A phase 3, randomized, open, pilot clinical study (ClinicalTrials.gov Identifier: NCT04480593) was conducted on Brazilian green propolis extract (EPP-AF) with hospitalized COVID-19 patients. It ran from June 2, 2020, to August 30, 2020, and its aim was to evaluate the candidacy of this extract as an adjuvant therapy option along with standard treatment including antibiotics or antivirals, vasopressor support, corticosteroids etc. against SARS-CoV-2 infection. In this single (outcomes-assessor) masking approach, 120 patients were randomly separated into three categories. The control group received standard conventional treatment. The first experimental group received 400 mg per day green propolis extract (EPP-AF) and conventional treatment.

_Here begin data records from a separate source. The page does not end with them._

(* Let $X$ be a complete metric space, let $f:X\to\mathbb{R}\cup\{+\infty\}$ be a proper lower semicontinuous function, let $r_0>0$ and let $k>0$. The following assertions are equivalent: (i) The multivalued mapping $F:X\rightrightarrows\mathbb{R}$, $F(x)=[f(x),+\infty)$, is $k$-metrically regular on $[0<f<r_0]\times(0,r_0)$; (ii) For all $r\in(0,r_0)$ and all $x\in[0<f<r_0]$, $$\operatorname{dist}(x,[f\le r])\le k\,(f(x)-r)^+;$$ (iii) For all $x\in[0<f<r_0]$, $|\nabla f|(x)\ge \frac1k$.
   Context: Notation: $[r_1<f<r_2]=\{x\in X: r_1<f(x)<r_2\}$, $[f\le r]=\{x\in X:f(x)\le r\}$; $a^+=\max\{a,0\}$; $\operatorname{dist}(x,S)=\inf_{y\in S}d(x,y)$ (equal to $+\infty$ if $S=\emptyset$). For a multivalued map $F:X\rightrightarrows Y$ between metric spaces, $\operatorname{Graph}F=\{(x,y):y\in F(x)\}$ and $F^{-1}(y)=\{x:y\in F(x)\}$. $F$ is $k$-metrically regular at $(\bar x,\bar y)\in\operatorname{Graph}F$ if there exist $\varepsilon,\delta>0$ such that $\operatorname{dist}(x,F^{-1}(y))\le k\operatorname{dist}(y,F(x))$ for all $(x,y)\in B(\bar x,\varepsilon)\times B(\bar y,\delta)$; $F$ is $k$-metrically regular on a set $V\subset X\times Y$ if it is $k$-metrically regular at every point of $\operatorname{Graph}F\cap V$. The strong slope of $f$ at $x\in\operatorname{dom}f$ is $|\nabla f|(x)=\limsup_{y\to x}\frac{(f(x)-f(y))^+}{d(x,y)}$. $B(x,r)$ is the open ball. *)

From Stdlib Require Import Reals.
From Coquelicot Require Import Coquelicot.
Open Scope R_scope.

Definition is_metric {X : Type} (d : X -> X -> R) : Prop :=
  (forall x y, 0 <= d x y) /\
  (forall x y, d x y = 0 <-> x = y) /\
  (forall x y, d x y = d y x) /\
  (forall x y z, d x z <= d x y + d y z).

Definition complete_metric {X : Type} (d : X -> X -> R) : Prop :=
  forall u : nat -> X,
    (forall eps, 0 < eps -> exists N, forall m n, (N <= m)%nat -> (N <= n)%nat -> d (u m) (u n) < eps) ->
    exists l, forall eps, 0 < eps -> exists N, forall n, (N <= n)%nat -> d (u n) l < eps.

(* f : X -> R ∪ {+oo} proper: never -oo, not identically +oo *)
Definition proper_fun {X : Type} (f : X -> Rbar) : Prop :=
  (forall x, f x <> m_infty) /\ (exists x, is_finite (f x)).

Definition lsc {X : Type} (d : X -> X -> R) (f : X -> Rbar) : Prop :=
  forall x (a : R), Rbar_lt a (f x) ->
    exists eps, 0 < eps /\ forall y, d x y < eps -> Rbar_lt a (f y).

(* dist(x,S) = inf_{y in S} d(x,y), = +oo if S empty *)
Definition distS {X : Type} (d : X -> X -> R) (x : X) (S : X -> Prop) : Rbar :=
  Rbar_glb (fun t => exists y, S y /\ t = Finite (d x y)).

Definition dR (a b : R) : R := Rabs (a - b).

Definition metrically_regular_at {X Y : Type} (dX : X -> X -> R) (dY : Y -> Y -> R)
  (F : X -> Y -> Prop) (k : R) (xb : X) (yb : Y) : Prop :=
  exists eps delta, 0 < eps /\ 0 < delta /\
    forall x y, dX x xb < eps -> dY y yb < delta ->
      Rbar_le (distS dX x (fun x' => F x' y)) (Rbar_mult k (distS dY y (F x))).

Definition metrically_regular_on {X Y : Type} (dX : X -> X -> R) (dY : Y -> Y -> R)
  (F : X -> Y -> Prop) (k : R) (V : X -> Y -> Prop) : Prop :=
  forall x y, F x y -> V x y -> metrically_regular_at dX dY F k x y.

(* the epigraphical multifunction F(x) = [f(x), +oo) (empty if f x = +oo) *)
Definition epi_map {X : Type} (f : X -> Rbar) : X -> R -> Prop :=
  fun x y => Rbar_le (f x) y.

Definition strict_level {X : Type} (f : X -> Rbar) (a b : R) : X -> Prop :=
  fun x => Rbar_lt a (f x) /\ Rbar_lt (f x) b.

Definition sublevel {X : Type} (f : X -> Rbar) (r : R) : X -> Prop :=
  fun x => Rbar_le (f x) r.

Definition slope_quot {X : Type} (d : X -> X -> R) (f : X -> Rbar) (x y : X) : R :=
  match f y with
  | Finite fy => Rmax (real (f x) - fy) 0 / d x y
  | _ => 0
  end.

(* strong slope |∇f|(x) = limsup_{y -> x} (f x - f y)^+ / d(x,y)
   = inf_{delta>0} sup_{0<d(x,y)<delta} quotient  (0 at isolated points) *)
Definition strong_slope {X : Type} (d : X -> X -> R) (f : X -> Rbar) (x : X) : Rbar :=
  Rbar_glb (fun s => exists delta, 0 < delta /\
    s = Rbar_lub (fun t => t = Finite 0 \/
          exists y, 0 < d x y < delta /\ t = Finite (slope_quot d f x y))).

From Stdlib Require Import Reals Lra Classical ClassicalEpsilon.
From Coquelicot Require Import Coquelicot.
Open Scope R_scope.

(* The core is (iii) => (ii).  Given [x] with [f x > r] and [k' > k], Ekeland's
   variational principle for [max f r] with constant [1/k'] yields [z] with
   [d x z <= k' (f x - r)] which is a strict minimizer of [w |-> max (f w) r + d z w / k'].
   If [f z > r], that minimality bounds the strong slope at [z] by [1/k' < 1/k],
   contradicting (iii); hence [z] lies in [[f <= r]].  Conversely, (ii), as well as
   metric regularity at [(x, f x)], provides points of [[f <= f x - h]] within [k h]
   of [x] for all small [h], so the slope at [x] is at least [1/k].  Finally, for
   (ii) => (i), points [x] near the graph point with [f x >= r0] lie so far above [y]
   that the error bound at the base point, moved to [x] by the triangle inequality,
   already suffices. *)

Lemma Rbar_glb_le_mem (E : Rbar -> Prop) (a : Rbar) : E a -> Rbar_le (Rbar_glb E) a.
Proof. exact (proj1 (proj2_sig (Rbar_ex_glb E)) a). Qed.

Lemma Rbar_glb_ge (E : Rbar -> Prop) (b : Rbar) :
  (forall a, E a -> Rbar_le b a) -> Rbar_le b (Rbar_glb E).
Proof. exact (proj2 (proj2_sig (Rbar_ex_glb E)) b). Qed.

Lemma Rbar_glb_lt_ex (E : Rbar -> Prop) (b : Rbar) :
  Rbar_lt (Rbar_glb E) b -> exists a, E a /\ Rbar_lt a b.
Proof.
  intros Hlt. apply NNPP. intros Hno. apply (Rbar_lt_not_le _ _ Hlt).
  apply Rbar_glb_ge. intros a Ea. apply Rbar_not_lt_le. intros Hab. apply Hno. eauto.
Qed.

Lemma Rbar_lub_ge_mem (E : Rbar -> Prop) (a : Rbar) : E a -> Rbar_le a (Rbar_lub E).
Proof. exact (proj1 (proj2_sig (Rbar_ex_lub E)) a). Qed.

Lemma Rbar_lub_le (E : Rbar -> Prop) (b : Rbar) :
  (forall a, E a -> Rbar_le a b) -> Rbar_le (Rbar_lub E) b.
Proof. exact (proj2 (proj2_sig (Rbar_ex_lub E)) b). Qed.

Lemma Rbar_le_plus_epsilon (x : Rbar) (a : R) :
  (forall e, 0 < e -> Rbar_le x (a + e)) -> Rbar_le x a.
Proof.
  intros H. destruct x as [x| |]; simpl.
  - apply Rle_plus_epsilon. exact H.
  - apply (H 1). lra.
  - exact I.
Qed.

A second experimental group received 800 mg per day EPP-AF and conventional treatment. After the treatment, oxygen therapy dependency time, hospitalization time, the occurrence of side effects, the rate and severity of acute kidney injury, the need for renal replacement therapy, the need for vasopressor and ICU, invasive oxygenation time, plasma CRP variation data were collected from all three groups, analyzed, and compared (NCT04480593, 2020).